Success today sometimes requires us to be adapt when necessary.

What’s the best – and worst – piece of career advice that you’ve ever received?

Best piece of career advice:

I have received two great pieces of advice that I always keep in mind. 

  1. “Slow down and proofread, proofread, proofread.”
  2. “Learn to communicate effectively.” I was told that effective communication is about being concise and relevant. This skill will need to be learned, practiced, and honed throughout your career.

Worst piece of career advice:  “Opposing counsel is always your enemy.” By having this mentality, you often miss opportunities to collaborate and find solutions that benefit both our clients.

What are you currently listening to (podcast or music); reading; and watching/streaming?

Watching:  Formula 1: Drive to Survive

Reading: Think Again by Adam Grant (courtesy of James Goodnow)

Podcast: The Happiness Lab with Dr. Laurie Santo

Okay, last but not least, tell us more about the two months you spent in Kampala in 2014, working for the Ugandan Directorate of Public Prosecutions. What did you learn from this experience?

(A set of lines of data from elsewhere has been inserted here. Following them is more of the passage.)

(* Let $a,b,c\in\mathbb C$ with $c=a-b+1$. If $a$ is a negative integer, assume $c\notin\{a,a+1,\dots,0,1\}$; otherwise assume $2-c\notin\{1,2,3,\dots\}$. Set \[ f(z)=F(a,b+1;c+1;z),\quad g(z)=F(a,b-1;c-1;z),\quad h(z)=F(a,b;c;z). \] Then \[ z\big(f(z)g'(z)-f'(z)g(z)\big)=c\big(f(z)g(z)-h(z)^2\big) \] for all $z\in\mathbb C$ when $a$ is a negative integer, and for all $z\in\mathbb D$ otherwise.
   Context: The hypergeometric function is $F(a,b;c;z)=\sum_{k\ge0}\frac{(a)_k(b)_k}{(c)_k}\frac{z^k}{k!}$, where $(x)_0=1$ and $(x)_k=x(x+1)\cdots(x+k-1)$. It is defined for $|z|<1$ when $1-c\notin\{1,2,\dots\}$; when $a=-n$ with $n\in\mathbb N$ the series terminates at $k=n$ and defines a polynomial for all $z\in\mathbb C$ whenever $c\notin\{0,-1,\dots,1-n\}$. $\mathbb D=\{|z|<1\}$. *)

From Stdlib Require Import Reals Factorial.
From Coquelicot Require Import Coquelicot.

Fixpoint poch (x : C) (k : nat) : C :=
  match k with
  | O => 1%C
  | S k' => (poch x k' * (x + RtoC (INR k')))%C
  end.

Definition hyp_term (a b c z : C) (k : nat) : C :=
  (poch a k * poch b k / poch c k * z ^ k / RtoC (INR (fact k)))%C.

(* F(a,b;c;z) = sum_{k>=0} hyp_term; the complex series is summed
   componentwise (real and imaginary parts), which equals the complex
   sum wherever the series converges. *)
Definition hypF (a b c z : C) : C :=
  (Series (fun k => Re (hyp_term a b c z k)),
   Series (fun k => Im (hyp_term a b c z k))).

(* Everything is reduced to identities between Taylor
   coefficients.  (1) Under a single nondegeneracy condition on (a, c)
   ([admissible]), five contiguous relations between h, f, g, their
   derivatives and z-multiples hold coefficientwise ([contiguous_A] ...
   [contiguous_R2]).  (2) A purely algebraic elimination
   ([wronskian_elimination]) derives the identity from these five relations,
   using c = a - b + 1 and either b <> 0 or z <> 1.  (3) A small theory of
   complex power series transfers coefficient relations to sums and proves
   term-by-term differentiation under a weighted summability condition
   ([psum_derive]).  (4) This condition holds for every r when the series
   terminate, and for r < 1 by a ratio test otherwise
   ([weighted_summable_hypcoef]). *)

From Stdlib Require Import Reals Classical Factorial Lra Lia.
From Coquelicot Require Import Coquelicot.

It was incredible opportunity to be able to see how the judicial and legal system functions in a different county. Uganda has, for years, faced a significant issue with case backlog in their courts.  My key role that summer was to assist in implementing plea bargaining and to train key stakeholders around on the country on its use. 

Many thanks to Paula – and to all of the new attorneys in our Southern California offices – for your creative insights that are already impacting our clients, and the communities where we live and serve!